Gel electrophoresis was performed in triplicate for each water sample according to the method described by Singh et al. [14]. Briefly, cell solidification was accomplished by spreading 10 µL of a cell suspension of 1.0% low melting point agarose (LMPA) onto a microscope slide that was pre-coated with 0.8% normal melting point agarose (NMPA). The slide was then covered with 100 µL of 1.0% LMPA to prevent nuclear DNA from escaping during cell lysis and electrophoresis. The prepared slide was immersed for 2.0 h at 4 °C in a lysis solution (comprising 2.5 M NaCl, 100 mM Na₂EDTA, 10 mM Tris, and 1% Triton X-100, pH 10) to remove cellular proteins. Then, the slide was submerged in an electrophoretic buffer (1 mM Na₂EDTA, 300 mM NaOH, pH > 13) for 30 min at 4 °C to permit DNA unwinding and was then subjected to electrophoresis in the same buffer for 30 min at 30 V and 300 mA. After electrophoresis, the slide was washed with a neutralization buffer (0.4 M Tris, pH 7.5) and then treated with 20 μg/mL ethidium bromide (200 μL per slide) for 20 min at room temperature to stain DNA before their examination. Nuclei damage was visualized under a fluorescence microscope (ECLIPSE 90i, Nikon, Japan) [14,15], and 269 cells were randomly selected to analyze the tail DNA% using Comet Assay Software Project Lab (Casplab 2004).

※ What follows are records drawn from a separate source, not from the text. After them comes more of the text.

Lemma regime_branch e a s : 0 < e < 2 -> regime_equilibrium e a s ->
  exists r ua us, 0 < r /\ Rbar_le r (CV_radius ua) /\ Rbar_le r (CV_radius us) /\
    0 < us 1%nat /\ (1 < e -> 0 < ua 1%nat) /\
    forall h, Rabs h < r -> exists x y : R, is_pseries ua h x /\ is_pseries us h y /\
      regime_equilibrium (e + h) (a + x) (s + y).
Proof.
  intros He H. destruct (regime_equilibrium_poly e a s (proj1 He) H) as [HR [HFa HFs]].
  assert (HD := jdet_pos lam sig e a s Hlam Hsig (proj1 He) (proj2 He) HR).
  destruct HR as [[Ha Has] _].
  destruct (regime_open w Tsm Tsp s (proj2 H)) as [g [Hg Hreg]].
  destruct (local_branch lam sig e a s (Rmin (a / 2) (g / 2)) ltac:(lra)
              ltac:(apply Rmin_pos; lra)) as [r [Hr [Ca [Cs Hbr]]]].
  destruct (branch_1 lam sig e a s) as [Hua1 Hus1].
  exists r, (branch_a lam sig e a s), (branch_s lam sig e a s).
  split; [exact Hr|]. split; [exact Ca|]. split; [exact Cs|]. split; [|split].
  - rewrite Hus1. apply Rmult_lt_0_compat; [apply Rinv_0_lt_compat, HD|].
    apply dTs_de_num_pos; lra.
  - intros He1. rewrite Hua1. apply Rmult_lt_0_compat; [apply Rinv_0_lt_compat, HD|].
    apply dTa_de_num_pos; lra.
  - intros h Hh. destruct (Hbr h Hh) as [x [y [Hx [Hy [Hxd [Hyd [Ea Es]]]]]]].
    generalize (Rmin_l (a / 2) (g / 2)) (Rmin_r (a / 2) (g / 2)); intros Hda Hdg.
    apply Rabs_le_between in Hxd, Hyd.
    exists x, y; split; [exact Hx|]; split; [exact Hy|].
    apply regime_equilibrium_of_poly; [lra | lra | apply Hreg, Rabs_lt_between; lra | |].
    + rewrite Ea; exact HFa.
    + rewrite Es; exact HFs.
Qed.

Definition eq_choice (e : R) : R * R :=
  epsilon (inhabits (0, 0)) (fun p => regime_equilibrium e (fst p) (snd p)).

Lemma eq_choice_spec e a s : 0 < e < 2 -> regime_equilibrium e a s -> eq_choice e = (a, s).
Proof.
  intros He H.
  assert (Hex : exists p : R * R, regime_equilibrium e (fst p) (snd p)) by (exists (a, s); exact H).
  destruct (regime_equilibrium_unique e _ _ a s He (epsilon_spec (inhabits (0, 0)) _ Hex) H)
    as [Ea Es].
  fold (eq_choice e) in Ea, Es. destruct (eq_choice e); simpl in *; subst; reflexivity.
Qed.

Lemma eq_choice_local e a s : 0 < e < 2 -> regime_equilibrium e a s ->
  exists r ua us, 0 < r /\ Rbar_le r (CV_radius ua) /\ Rbar_le r (CV_radius us) /\
    0 < us 1%nat /\ (1 < e -> 0 < ua 1%nat) /\
    forall z, Rabs (z - e) < r ->
      regime_equilibrium z (fst (eq_choice z)) (snd (eq_choice z)) /\
      is_pseries ua (z - e) (fst (eq_choice z) - a) /\
      is_pseries us (z - e) (snd (eq_choice z) - s).
Proof.
  intros He H. destruct (regime_branch e a s He H) as [r [ua [us [Hr [Ca [Cs [Hs1 [Ha1 Hbr]]]]]]]].
  exists (Rmin r (Rmin e (2 - e))), ua, us.
  assert (Hrm : 0 < Rmin r (Rmin e (2 - e))) by (repeat apply Rmin_pos; lra).
  assert (Hrr : Rmin r (Rmin e (2 - e)) <= r) by apply Rmin_l.
  assert (Hre : Rmin r (Rmin e (2 - e)) <= Rmin e (2 - e)) by apply Rmin_r.
  split; [exact Hrm|].
  split; [eapply Rbar_le_trans; [|exact Ca]; simpl; exact Hrr|].
  split; [eapply Rbar_le_trans; [|exact Cs]; simpl; exact Hrr|].
  split; [exact Hs1|]. split; [exact Ha1|].
  intros z Hz. destruct (Hbr (z - e) ltac:(lra)) as [x [y [Hx [Hy Heq]]]].
  replace (e + (z - e)) with z in Heq by ring.
  assert (Hz2 : 0 < z < 2).
  { generalize (Rmin_l e (2 - e)) (Rmin_r e (2 - e)); apply Rabs_lt_between in Hz; lra. }
  rewrite (eq_choice_spec z _ _ Hz2 Heq); simpl.
  replace (a + x - a) with x by ring. replace (s + y - s) with y by ring.
  split; [exact Heq | split; assumption].
Qed.

Lemma eq_choice_analytic_deriv e a s : 0 < e < 2 -> regime_equilibrium e a s ->
  analytic_at (fun z => fst (eq_choice z)) e /\ analytic_at (fun z => snd (eq_choice z)) e /\
  (exists l, is_derive (fun z => snd (eq_choice z)) e l /\ 0 < l) /\
  (1 < e -> exists l, is_derive (fun z => fst (eq_choice z)) e l /\ 0 < l).
Proof.
  intros He H.
  destruct (eq_choice_local e a s He H) as [r [ua [us [Hr [Ca [Cs [Hs1 [Ha1 Hloc]]]]]]]].
  assert (Hrep : forall z, Rabs (z - e) < r ->
            is_pseries ua (z - e) (fst (eq_choice z) - fst (eq_choice e)) /\
            is_pseries us (z - e) (snd (eq_choice z) - snd (eq_choice e)))
    by (rewrite (eq_choice_spec e a s He H); intros z Hz; apply Hloc, Hz).
  split; [|split; [|split]].
  - apply (analytic_at_of_pseries ua _ _ r Hr); intros z Hz; apply Hrep, Hz.
  - apply (analytic_at_of_pseries us _ _ r Hr); intros z Hz; apply Hrep, Hz.
  - exists (us 1%nat); split; [|exact Hs1].
    apply (is_derive_of_pseries us _ _ r Hr Cs); intros z Hz; apply Hrep, Hz.
  - intros He1; exists (ua 1%nat); split; [|exact (Ha1 He1)].
    apply (is_derive_of_pseries ua _ _ r Hr Ca); intros z Hz; apply Hrep, Hz.
Qed.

2.3.3. Calculation of DNA Damage

The correlation between the water sample volume and the tail DNA% was analyzed using Prism 9. The slope of the correlation equation, which represents the DNA damage per unit volume of the water sample, was used to characterize genotoxicity.

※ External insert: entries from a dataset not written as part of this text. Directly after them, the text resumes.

(* There exists a constant $c>0$ such that, for every positive integer $t$, every finite graph $G$ with average degree at least $2^{2^{c t^2}}$ contains a subgraph with average degree at least $t$ and girth at least $6$.
   Context: All graphs are finite and simple. The average degree of a graph $G$ is $d(G)=2e(G)/|V(G)|$. The girth of a graph is the length of a shortest cycle in it (a graph without cycles has infinite girth). A subgraph need not be induced. *)

From mathcomp Require Import all_boot.
From Stdlib Require Import Reals.
Set Implicit Arguments. Unset Strict Implicit. Unset Printing Implicit Defensive.

Definition simple_graph (T : finType) (V : {set T}) (e : rel T) : Prop :=
  symmetric e /\ irreflexive e /\ (forall x y, e x y -> (x \in V) && (y \in V)).

Definition edges (T : finType) (e : rel T) : {set {set T}} :=
  [set s : {set T} | [exists x : T, exists y : T, e x y && (s == [set x; y])]].

Definition nedges (T : finType) (e : rel T) : nat := #|edges e|.

Definition avg_degree (T : finType) (V : {set T}) (e : rel T) : R :=
  (2 * INR (nedges e) / INR #|V|)%R.

Definition subgraph (T : finType) (V' : {set T}) (f : rel T) (V : {set T}) (e : rel T) : Prop :=
  simple_graph V' f /\ V' \subset V /\ (forall x y, f x y -> e x y).

Definition has_cycle_of_length (T : finType) (e : rel T) (k : nat) : Prop :=
  exists s : seq T, size s = k /\ 3 <= k /\ ucycle e s.

Definition girth_ge (T : finType) (e : rel T) (g : nat) : Prop :=
  forall k, k < g -> ~ has_cycle_of_length e k.

(** A density-increment argument. First pass to a bipartite subgraph G (sides X and ~X)
    keeping half of the edges, then repeat: take a maximal C4-free subgraph H of G. If H
    has a subgraph of minimum degree t, that subgraph is the answer, as bipartite and
    C4-free give girth at least 6. Otherwise H is (t-1)-degenerate; orient it along a
    degeneracy order, so that out-degrees are below t. By maximality every edge uv of G
    outside H closes a path u-a-b-v of H. If neither a nor b is a sink of the orientation,
    {u, v} is reached from some vertex z by directed paths of length at most 3, and there
    are at most 2t^3 such pairs per z. Otherwise, c being the sink, u is an in-neighbour
    of c and v a neighbour of an in-neighbour of c. Averaging over c gives a vertex c such
    that G between its in-neighbourhood I and that second neighbourhood W is still dense,
    up to a factor 12t^2, while c is adjacent to all vertices of I + W on the other side of
    the bipartition (they all lie in I). After 2tp rounds, for a prime t <= p <= 2^(t^2),
    tp of these vertices c are complete to one side, of size at least p^2, of what remains.
    The incidence graph between the points {0..t-1} x F_p and the lines of F_p^2 embeds
    there: it is bipartite, C4-free (two lines meet at most once) and of minimum degree t. *)

From mathcomp Require Import all_boot zify ssralg zmodp.
(* Reals comes after ssralg so that the scope key %R denotes R_scope; it rebinds [_ ^ _] on
   nat to Nat.pow, whence the re-import of ssrnat. *)
From Stdlib Require Import Reals Lra.
Import ssrnat GRing.Theory.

2.4. Assessment of Genotoxicity in Seawater Desalination and between the Water Treatment Plants

The fold change (FC) of the m value (m_{finished water}/m_{raw seawater}) was calculated to evaluate the impact of these desalination processes on genotoxicity. In terms of data processing, we took the exposure concentration as the horizontal coordinate, the intensity of the mutagenicity effect as the vertical coordinate, and the slope obtained by fitting the line as the “m value”. The higher the slope, the stronger the potential mutagenicity of the water sample. FC values greater than 1 and less than 1 indicate that the desalination process has a negative and positive effect on reducing the genotoxicity, respectively. To further investigate the safety of seawater desalination in reducing genotoxicity, m_{finished water}, m_{raw seawater}, and the FC values of the two plants in this study were compared with those of other drinking water treatment plants from published data. The literature screening and data extraction methods are described in Text S1.

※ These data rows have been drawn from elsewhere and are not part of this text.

Lemma growth_lower_bounds n p : 1 <= INR n -> 0 < p < 1 ->
  let g := Rpower (INR n) (1 / 9) * p * Rpower (1 - p) (1 / 3) in
  g <= INR n * p /\ g ^ 3 <= INR n * p * (1 - p).
Proof.
  intros Hn hp g. set (x := INR n) in *. set (q := 1 - p).
  set (A := Rpower x (1 / 9)). set (Q := Rpower q (1 / 3)).
  assert (HA : 0 < A) by (unfold A, Rpower; apply exp_pos).
  assert (HQ : 0 < Q) by (unfold Q, Rpower; apply exp_pos).
  assert (HAx : A <= x)
    by (unfold A; rewrite <- (Rpower_1 x) at 2 by lra; apply Rle_Rpower; lra).
  assert (HQ1 : Q <= 1).
  { unfold Q, Rpower. rewrite <- exp_0 at 2. apply exp_le_exp.
    assert (ln q < 0) by (rewrite <- ln_1; apply ln_increasing; unfold q; lra). lra. }
  assert (HA3 : A ^ 3 <= x).
  { unfold A. rewrite <- Rpower_pow by (unfold Rpower; apply exp_pos). rewrite Rpower_mult.
    rewrite <- (Rpower_1 x) at 2 by lra. apply Rle_Rpower; [lra | simpl; lra]. }
  assert (HQ3 : Q ^ 3 = q).
  { unfold Q. rewrite <- Rpower_pow by (unfold Rpower; apply exp_pos). rewrite Rpower_mult.
    replace (1 / 3 * INR 3) with 1 by (simpl; field). apply Rpower_1. unfold q; lra. }
  fold q A Q in g. unfold g. split.
  - assert (A * p * Q <= A * p * 1) by (apply Rmult_le_compat_l; nra). nra.
  - replace ((A * p * Q) ^ 3) with (A ^ 3 * p ^ 3 * Q ^ 3) by ring. rewrite HQ3.
    assert (p ^ 3 <= p) by nra. assert (0 < q) by (unfold q; lra).
    apply Rmult_le_compat_r; [lra|]. apply Rmult_le_compat; nra.
Qed.

Lemma binom_mean_sd_unbounded (p : nat -> R) :
  (forall n, 0 < p n < 1) ->
  is_lim_seq (fun n => Rpower (INR n) (1 / 9) * p n * Rpower (1 - p n) (1 / 3)) p_infty ->
  forall B, eventually (fun n => B <= binom_mean n (p n) /\ B <= binom_sd n (p n)).
Proof.
  intros hp hgrowth B. apply is_lim_seq_spec in hgrowth.
  destruct (hgrowth (Rabs B + 1)) as [N HN].
  exists (S N). intros n Hn. specialize (HN n ltac:(lia)).
  assert (Hn1 : 1 <= INR n) by (apply (le_INR 1); lia).
  destruct (growth_lower_bounds n (p n) Hn1 (hp n)) as [Hmu Hvar].
  set (g := Rpower (INR n) (1 / 9) * p n * Rpower (1 - p n) (1 / 3)) in *.
  assert (HB := Rle_abs B). assert (HB0 := Rabs_pos B).
  split; [unfold binom_mean; lra|].
  apply (Rle_trans _ (Rabs B)); [exact HB|]. unfold binom_sd.
  rewrite <- (sqrt_pow2 (Rabs B)) by exact HB0. apply sqrt_le_1_alt.
  assert (Hg1 : 1 <= g) by lra. nra.
Qed.

Lemma prob_std_le_pointwise (p : nat -> R) :
  (forall n, 0 < p n < 1) ->
  is_lim_seq (fun n => Rpower (INR n) (1 / 9) * p n * Rpower (1 - p n) (1 / 3)) p_infty ->
  forall w eps, 0 < eps ->
    eventually (fun n => Rabs (prob_std_le n (p n) w - normal_cdf w) <= eps).
Proof.
  intros hp hgrowth w eps He.
  destruct (binom_std_cdf_uniform (w - eps) (eps / 2) ltac:(lra)) as [S1 HS1].
  destruct (binom_std_cdf_uniform (w + eps) (eps / 2) ltac:(lra)) as [S2 HS2].
  assert (HB1 := Rmax_l (sandwich_threshold w eps) (Rmax (Rmax S1 S2) 1)).
  assert (HB2 := Rmax_r (sandwich_threshold w eps) (Rmax (Rmax S1 S2) 1)).
  assert (HB3 := Rmax_l (Rmax S1 S2) 1). assert (HB4 := Rmax_r (Rmax S1 S2) 1).
  assert (HB5 := Rmax_l S1 S2). assert (HB6 := Rmax_r S1 S2).
  set (B := Rmax (sandwich_threshold w eps) (Rmax (Rmax S1 S2) 1)) in *.
  destruct (binom_mean_sd_unbounded p hp hgrowth B) as [N HN].
  exists N. intros n Hn. destruct (HN n Hn) as [Hmu Hsd].
  destruct (prob_std_le_sandwich n (p n) w eps (hp n) ltac:(lra) He ltac:(lra))
    as [Hlow Hup].
  assert (H1 := HS1 n (p n) (hp n) ltac:(lra)).
  assert (H2 := HS2 n (p n) (hp n) ltac:(lra)).
  apply Rabs_le_between in H1, H2.
  assert (Hl1 := normal_cdf_incr (w - eps) w ltac:(lra)).
  assert (Hl2 := normal_cdf_incr w (w + eps) ltac:(lra)).
  apply Rabs_le_between. lra.
Qed.

(** * Uniform convergence *)

Lemma eventually_forall_le (P : nat -> nat -> Prop) J :
  (forall j, (j <= J)%nat -> eventually (P j)) ->
  eventually (fun n => forall j, (j <= J)%nat -> P j n).
Proof.
  induction J as [|J IH]; intros H.
  - destruct (H 0%nat (le_n 0)) as [N HN]. exists N. intros n Hn j Hj.
    replace j with 0%nat by lia. now apply HN.
  - destruct IH as [N1 HN1]; [intros j Hj; apply H; lia|].
    destruct (H (S J) (le_n _)) as [N2 HN2].
    exists (Nat.max N1 N2). intros n Hn j Hj.
    destruct (Nat.eq_dec j (S J)) as [->|Hne]; [apply HN2 | apply HN1]; lia.
Qed.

2.5. Health Risks of Drinking Desalinated Seawater

The health records of residents were surveyed to investigate the potential health risks of drinking desalinated seawater. The residents were divided into three groups according to their drinking water sources: desalinated seawater, freshwater, and blended water. The desalinated seawater group (with a population of 7847 individuals served by the Shengsi plant) has consumed desalinated seawater for more than 12 years. The freshwater group has a population consisting of 8310 individuals who consume the local surface water. Meanwhile, the blending water group (with a population of 8028 individuals) gets its source water from a freshwater reservoir supplemented by desalinated seawater. The populations of the three groups have a similar gender ratio (Figure S1) and age distribution (Figure S2). The prevalence rates of tumors, coronary heart disease, stroke, diabetes, and hypertension in 2020 were surveyed and compared between these three groups.

3. Results and Discussion

3.1. Water Quality Parameters in the Seawater Desalination Process

Table 1 presents the water quality parameters of raw seawater, effluent from each treatment process, and finished water. The pH of the raw seawater was 7.8 and 7.5 for the two plants, respectively, which falls within the range of the natural seawater pH noted in the literature. Other parameters, such as the turbidity, COD, total hardness, ammonia nitrogen, chloride, and sulfate, all met the Chinese national standards for drinking water quality (GB 5749-2006). This suggests that the raw seawater from both plants is of good quality and may not have been contaminated by human activities.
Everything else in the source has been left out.